Las vio abrir la mochila, sacar la libreta y cómo le llevaba la libreta. Cuando vio que el contenido, lejos de traer
definiciones o ejemplos de modos subjuntivos en tiempo pluscuamperfecto -por decir algo-, era un poema sobre
las manos de mi abuela, me arrojó la libreta a la cara, frente a todos y me sacó de clase. Ilse no dejó que
terminara la historia, me abrazó y comenzó a llorar. Yo no lloraba por la historia, hasta me parecía chusca porque
de algún modo mi padre me había salvado de la literatura en ese tiempo en que ya tenía la ingeniería por
terminar, pero ella no me dejó explicarle nada de eso. Me abrazó y me hizo prometerle que si alguna vez quería
escribir que lo hiciera. Entonces todo se volvió un hogar con ella, en sus brazos, en su risa.

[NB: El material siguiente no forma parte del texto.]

(* Let $n\geq 1$ be an integer, let $\mu\in\mathbb{C}$ with $\mu\neq 0$ and $\operatorname{Re}(\mu)<n$, and let $\lambda\in\mathbb{C}$ with $0<|\lambda|\leq 1$. Suppose $p\in\mathcal{H}[1,n]$ satisfies $$p(z)-\frac{1}{\mu}\,z p'(z)\prec 1+\lambda z \qquad (z\in\mathbb{U}).$$ Then $p(z)\prec 1+\lambda_1 z$ $(z\in\mathbb{U})$ for every complex number $\lambda_1$ with $$|\lambda_1|=|\lambda|\,\frac{|\mu|}{|n-\mu|};$$ equivalently, $|p(z)-1|<|\lambda|\,|\mu|/|n-\mu|$ for all $z\in\mathbb{U}$.
   Context: $\mathbb{U}=\{z\in\mathbb{C}:|z|<1\}$. For $a_0\in\mathbb{C}$ and an integer $n\geq1$, $\mathcal{H}[a_0,n]$ denotes the class of functions analytic in $\mathbb{U}$ of the form $p(z)=a_0+\sum_{k=n}^\infty a_k z^k$. For $f,g$ analytic in $\mathbb{U}$, $f\prec g$ ($f$ is subordinate to $g$) means there is an analytic $w$ in $\mathbb{U}$ with $w(0)=0$, $|w(z)|<1$ on $\mathbb{U}$, and $f(z)=g(w(z))$; when $g$ is univalent this is equivalent to $f(0)=g(0)$ and $f(\mathbb{U})\subset g(\mathbb{U})$. In particular, for $\lambda\neq 0$, $q\prec 1+\lambda z$ means $q(0)=1$ and $|q(z)-1|<|\lambda|$ on $\mathbb{U}$. *)

From Stdlib Require Export Reals.
Open Scope R_scope.

Definition Cx : Type := (R * R)%type.
Definition RtoC (x : R) : Cx := (x, 0).
Definition Cz0 : Cx := (0, 0).
Definition Cone : Cx := (1, 0).
Definition Cadd (z w : Cx) : Cx := (fst z + fst w, snd z + snd w).
Definition Copp (z : Cx) : Cx := (- fst z, - snd z).
Definition Csub (z w : Cx) : Cx := Cadd z (Copp w).
Definition Cmul (z w : Cx) : Cx :=
  (fst z * fst w - snd z * snd w, fst z * snd w + snd z * fst w).
Definition Cinv (z : Cx) : Cx :=
  (fst z / (fst z ^ 2 + snd z ^ 2), - snd z / (fst z ^ 2 + snd z ^ 2)).
Definition Cdiv (z w : Cx) : Cx := Cmul z (Cinv w).
Definition Re (z : Cx) : R := fst z.
Definition Cmod (z : Cx) : R := sqrt (fst z ^ 2 + snd z ^ 2).
Fixpoint Cpow (z : Cx) (k : nat) : Cx :=
  match k with O => Cone | S k' => Cmul z (Cpow z k') end.

Fixpoint Csum (f : nat -> Cx) (N : nat) : Cx :=
  match N with O => f O | S N' => Cadd (Csum f N') (f (S N')) end.

Definition Cseries_cv (f : nat -> Cx) (l : Cx) : Prop :=
  Un_cv (fun N => fst (Csum f N)) (fst l) /\ Un_cv (fun N => snd (Csum f N)) (snd l).

Definition inU (z : Cx) : Prop := Cmod z < 1.

Definition analytic_U (f : Cx -> Cx) : Prop :=
  exists a : nat -> Cx, forall z, inU z -> Cseries_cv (fun k => Cmul (a k) (Cpow z k)) (f z).

Definition in_H (a0 : Cx) (n : nat) (p : Cx -> Cx) : Prop :=
  exists a : nat -> Cx,
    a O = a0 /\ (forall k, (1 <= k < n)%nat -> a k = Cz0) /\
    (forall z, inU z -> Cseries_cv (fun k => Cmul (a k) (Cpow z k)) (p z)).

Definition Cderiv_at (f : Cx -> Cx) (z l : Cx) : Prop :=
  forall eps, 0 < eps -> exists delta, 0 < delta /\
    forall h, 0 < Cmod h < delta ->
      Cmod (Csub (Cdiv (Csub (f (Cadd z h)) (f z)) h) l) < eps.

Definition subord (f g : Cx -> Cx) : Prop :=
  exists w : Cx -> Cx, analytic_U w /\ w Cz0 = Cz0 /\
    (forall z, inU z -> Cmod (w z) < 1) /\
    (forall z, inU z -> f z = g (w z)).

(* Write p = 1 + z^n Q with Q a power series of radius >= 1.  As
   z p' = z^n (n Q + z Q'), the hypothesis p - z p'/mu = 1 + lambda w (|w| < 1) reads
   |z|^n |nu Q - z Q'| < |mu||lambda| with nu := mu - n, Re nu < 0.  A Jack-type
   argument gives |Q| <= |mu||lambda|/|nu|: on a closed disk |z| <= r the Lipschitz
   function |Q|^2 + eps |z|^2 attains its maximum; not in the interior (its Laplacian
   4|Q'|^2 + 4 eps is positive), and at a boundary maximum c the first-order conditions
   make conj(Q(c)) c Q'(c) real and >= -O(eps), whence |nu Q(c) - c Q'(c)| >= |nu||Q(c)|
   - O(eps).  Let eps -> 0, then r -> 1; finally w1 := (p - 1)/lambda1 is the witness. *)

From Pilot Require Import Defs.
From Stdlib Require Import Reals Lra Lia Psatz ClassicalEpsilon.
From Coquelicot Require Complex.
Open Scope R_scope.

(** * Complex arithmetic *)

Ltac cdestruct := repeat match goal with
  | z : Cx |- _ => let a := fresh "a" in let b := fresh "b" in destruct z as [a b]
  end.
Ltac ceq := cdestruct; unfold Cadd, Cmul, Csub, Copp, Cinv, Cdiv, RtoC, Cone, Cz0 in *;
  simpl; apply injective_projections; simpl.

(* The operations of [Defs] coincide with Coquelicot's complex numbers, so its
   modulus lemmas apply verbatim. *)
Lemma Cmod_mul z w : Cmod (Cmul z w) = Cmod z * Cmod w.
Proof. exact (Complex.Cmod_mult z w). Qed.
Lemma Cmod_add z w : Cmod (Cadd z w) <= Cmod z + Cmod w.
Proof. exact (Complex.Cmod_triangle z w). Qed.
Lemma Cmod_ge0 z : 0 <= Cmod z.
Proof. exact (Complex.Cmod_ge_0 z). Qed.
Lemma Cmod_opp z : Cmod (Copp z) = Cmod z.
Proof. exact (Complex.Cmod_opp z). Qed.
Lemma Cmod_RtoC x : Cmod (RtoC x) = Rabs x.
Proof. exact (Complex.Cmod_R x). Qed.
Lemma Cmod_eq0 z : Cmod z = 0 -> z = Cz0.
Proof. exact (Complex.Cmod_eq_0 z). Qed.
Lemma Cmod_inv z : z <> Cz0 -> Cmod (Cinv z) = / Cmod z.
Proof. exact (Complex.Cmod_inv z). Qed.
Lemma Cmod_z0 : Cmod Cz0 = 0.
Proof. exact Complex.Cmod_0. Qed.
Lemma Cmod_one : Cmod Cone = 1.
Proof. exact Complex.Cmod_1. Qed.

Lemma Cmod_pos z : z <> Cz0 -> 0 < Cmod z.
Proof.
  intro Hz. destruct (Cmod_ge0 z) as [H|H]; auto.
  exfalso; apply Hz, Cmod_eq0; auto.
Qed.

Definition N2 (z : Cx) : R := fst z ^ 2 + snd z ^ 2.

Lemma N2_Cmod z : N2 z = Cmod z ^ 2.
Proof. unfold N2, Cmod. rewrite pow2_sqrt; nra. Qed.

Lemma N2_ge0 z : 0 <= N2 z.
Proof. unfold N2; nra. Qed.

Lemma N2_neq0 z : z <> Cz0 -> N2 z <> 0.
Proof.
  intros Hz E. apply Hz. destruct z as [x y]. unfold N2 in E; simpl in E.
  assert (x = 0) by nra. assert (y = 0) by nra. subst. reflexivity.
Qed.

Lemma Cmod_le_N2 z w : N2 z <= N2 w -> Cmod z <= Cmod w.
Proof. unfold N2, Cmod. intro H. apply sqrt_le_1; nra. Qed.

Lemma Cmod_fst z : Rabs (fst z) <= Cmod z.
Proof. rewrite <- sqrt_Rsqr_abs. unfold Cmod, Rsqr. apply sqrt_le_1; nra. Qed.
Lemma Cmod_snd z : Rabs (snd z) <= Cmod z.
Proof. rewrite <- sqrt_Rsqr_abs. unfold Cmod, Rsqr. apply sqrt_le_1; nra. Qed.

Lemma Cmod_le_abs z : Cmod z <= Rabs (fst z) + Rabs (snd z).
Proof.
  pose proof (Rabs_pos (fst z)). pose proof (Rabs_pos (snd z)).
  unfold Cmod. rewrite <- (sqrt_pow2 (Rabs (fst z) + Rabs (snd z))) by lra.
  apply sqrt_le_1; [nra | nra |].
  rewrite <- (pow2_abs (fst z)) at 1. rewrite <- (pow2_abs (snd z)) at 1. nra.
Qed.

Lemma Cmod_pow z k : Cmod (Cpow z k) = Cmod z ^ k.
Proof. induction k as [|k IH]; simpl Cpow; [exact Cmod_one | rewrite Cmod_mul, IH; reflexivity]. Qed.

Lemma Cmod_sub_sym z w : Cmod (Csub z w) = Cmod (Csub w z).
Proof. replace (Csub z w) with (Copp (Csub w z)) by (ceq; ring). apply Cmod_opp. Qed.

Lemma Cmod_sub_le z w : Cmod (Csub z w) <= Cmod z + Cmod w.
Proof. unfold Csub. rewrite <- (Cmod_opp w). apply Cmod_add. Qed.

Lemma Cmod_sub_ge z w : Cmod z - Cmod w <= Cmod (Csub z w).
Proof.
  replace z with (Cadd (Csub z w) w) at 1 by (ceq; ring).
  pose proof (Cmod_add (Csub z w) w). lra.
Qed.

Lemma Cdiv_sub z w h : h <> Cz0 -> Csub (Cdiv z h) w = Cmul (Csub z (Cmul h w)) (Cinv h).
Proof.
  intro Hh. pose proof (N2_neq0 h Hh) as H. destruct h as [x y]. unfold N2 in H; simpl in H.
  ceq; field; intro E; apply H; nra.
Qed.

Lemma Cmul_Cinv_cancel l z : l <> Cz0 -> Cmul l (Cmul (Cinv l) z) = z.
Proof.
  intro Hl. pose proof (N2_neq0 l Hl) as H. destruct l as [x y]. unfold N2 in H; simpl in H.
  ceq; field; intro E; apply H; nra.
Qed.

Lemma Cpow_add z k m : Cpow z (k + m) = Cmul (Cpow z k) (Cpow z m).
Proof.
  induction k as [|k IH]; simpl; [ceq; ring|].
  rewrite IH. generalize (Cpow z k) (Cpow z m). intros. ceq; ring.
Qed.

Lemma Cpow_z0 m : Cpow Cz0 (S m) = Cz0.
Proof. simpl. ceq; ring. Qed.

(** * Limits of complex sequences *)

Definition Ccv (u : nat -> Cx) (l : Cx) : Prop :=
  Un_cv (fun N => fst (u N)) (fst l) /\ Un_cv (fun N => snd (u N)) (snd l).

Lemma CV_const c : Un_cv (fun _ => c) c.
Proof. intros e He. exists 0%nat. intros. unfold Rdist. rewrite Rminus_diag, Rabs_R0; lra. Qed.

Lemma Ccv_unique u l1 l2 : Ccv u l1 -> Ccv u l2 -> l1 = l2.
Proof. intros [a b] [c d]. apply injective_projections; eapply UL_sequence; eauto. Qed.

Lemma Ccv_const c : Ccv (fun _ => c) c.
Proof. split; apply CV_const. Qed.

Lemma Ccv_add u v l m : Ccv u l -> Ccv v m -> Ccv (fun N => Cadd (u N) (v N)) (Cadd l m).
Proof. intros [a b] [c d]. split; simpl; apply CV_plus; auto. Qed.

Lemma Ccv_sub u v l m : Ccv u l -> Ccv v m -> Ccv (fun N => Csub (u N) (v N)) (Csub l m).
Proof. intros [a b] [c d]. split; simpl; apply CV_plus; auto; apply CV_opp; auto. Qed.

Lemma Ccv_mulc c u l : Ccv u l -> Ccv (fun N => Cmul c (u N)) (Cmul c l).
Proof.
  intros [a b]. unfold Cmul. split; simpl.
  - apply CV_minus; apply CV_mult; auto; apply CV_const.
  - apply CV_plus; apply CV_mult; auto; apply CV_const.
Qed.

El último mensaje de texto que recibí de ella fue un “te amo mucho, no veo las horas para tocarte el ass”
JAJAJAJAJA. Tenía una forma brutal de hacerme reír. Ella había ido de visita a casa de sus padres para darles la
noticia de que nos casaríamos y de lo bien que nos hacíamos el uno al otro. Venía de vuelta a Tuxtla. El plan era
que viniéramos a la casa, para dos cosas: presentarla ante mis padres y de madrazo soltarles la noticia del
compromiso. Yo no la pude acompañar a su ciudad porque estaba en exámenes finales e insistió en ir sola para
decirle a sus padres. La esperé en la parada de camiones de la universidad, ella pasaría por mí, venía en su coche.
La cita era a las cuatro, pero no llegó. Sufrió un accidente en carretera, y me enteré de su fallecimiento a las
siete, aún en la parada, con un ramo de margaritas que le había comprado. Un camión de la coca cola había
impactado de frente contra el coche de Ilse; todo había sido rápido y fulminante. Una voz metálica, con el tono
de voz de su mamá llamó desconsoladísima para darme la noticia. Yo solo me senté en la acera de la banqueta
y me puse a llorar… lloré, lloré y lloré como nunca, en silencio, como supongo que debería llorar alguien que
pierde a su futura esposa. A ella le gustaba mucho decir que yo era un tipo grosero y hasta feo, y que jamás me
hubiera hecho caso si no fuera porque la hacía reír y porque siempre había algo por decir entre nosotros. “Eres
mi Brad Pitt en gordo y no hay una sola Ilse en el mundo que se resista a eso” decía.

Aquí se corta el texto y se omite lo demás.